# Your assignment
Find every line below where the string "apply" shows up, and copy those lines.
....
Lemma leaf_update_unvisited_children d' k' k'' : (3 <= d')%nat -> spl st' d' k' = false ->
  (k'' / 2 = k')%nat -> bump cnt (d, k) (S d') k'' = 0%nat.
Proof.
  intros Hd' Hs Hk.
  destruct (node_eq_dec (d', k') (d, k)) as [[= -> ->] | Hne].
  - rewrite bump_other by (intros [=]; lia).
    exact (inv_unvisited_children _ _ _ Hinv d k k'' Hdepth Hleaf Hk).
  - rewrite Hspl_other in Hs by exact Hne.
    destruct (node_eq_dec (S d', k'') (d, k)) as [[= <- <-] | Hne'].
    + exfalso. destruct Hparent as [Hd | Hp]; [lia |].
      replace (S d' - 1)%nat with d' in Hp by lia. congruence.
    + rewrite bump_other by exact Hne'.
      exact (inv_unvisited_children _ _ _ Hinv d' k' k'' Hd' Hs Hk).
Qed.

Lemma leaf_update_phase d' k' : spl st' d' k' = false ->
  phase_ok (qmin st' d' k') (qmax st' d' k') (width st' d' k') (bump cnt (d, k) d' k').
Proof.
  intros Hs.
  destruct (node_cases d k d' k') as [[= -> ->] | [[-> Hk] | [Hne Hnc]]].
  - rewrite bump_same. exact (Hleaf_phase Hs).
  - rewrite bump_other by (intros [=]; lia).
    rewrite Hspl_other in Hs by (intros [=]; lia).
    destruct (spl st' d k) eqn:Hsplit.
    + destruct (Hchildren eq_refl k' Hk) as (_ & -> & ->). cbn.
      exact (inv_unvisited_children _ _ _ Hinv d k k' Hdepth Hleaf Hk).
    + apply agree_phase_ok; [apply Hagree; [intros [=]; lia | auto] |].
      exact (inv_phase _ _ _ Hinv _ _ Hs).
  - rewrite bump_other by exact Hne. rewrite Hspl_other in Hs by exact Hne.
    apply agree_phase_ok; [apply Hagree; auto |].
    exact (inv_phase _ _ _ Hinv _ _ Hs).
Qed.

Lemma leaf_update_budget d' k' : INR (bump cnt (d, k) d' k') <= budget.
Proof.
  destruct (node_eq_dec (d', k') (d, k)) as [[= -> ->] | Hne].
  - rewrite bump_same. exact (phase_ok_budget _ _ _ _ (inv_phase _ _ _ Hinv _ _ Hleaf)).
  - rewrite bump_other by exact Hne. apply Hinv.
Qed.

Lemma leaf_update_inv : Inv st' (S t) (bump cnt (d, k)).
Proof.
  constructor.
  - exact leaf_update_range.
  - exact leaf_update_split_depth.
  - exact leaf_update_unvisited_children.
  - exact leaf_update_phase.
  - exact leaf_update_budget.
Qed.

End LeafUpdate.

Lemma len_node_pos d : 0 < len_node d.
Proof. apply Rinv_0_lt_compat, pow_lt. lra. Qed.

Lemma shifted_down_range a b : 0 <= a <= L -> 0 <= b -> 0 <= Rmax (a - b) 0 <= L.
Proof. intros. unfold Rmax. destruct Rle_dec; lra. Qed.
....
# Finished exercise
    + apply agree_phase_ok; [apply Hagree; [intros [=]; lia | auto] |].
    apply agree_phase_ok; [apply Hagree; auto |].
  - rewrite bump_other by exact Hne. apply Hinv.
Proof. apply Rinv_0_lt_compat, pow_lt. lra. Qed.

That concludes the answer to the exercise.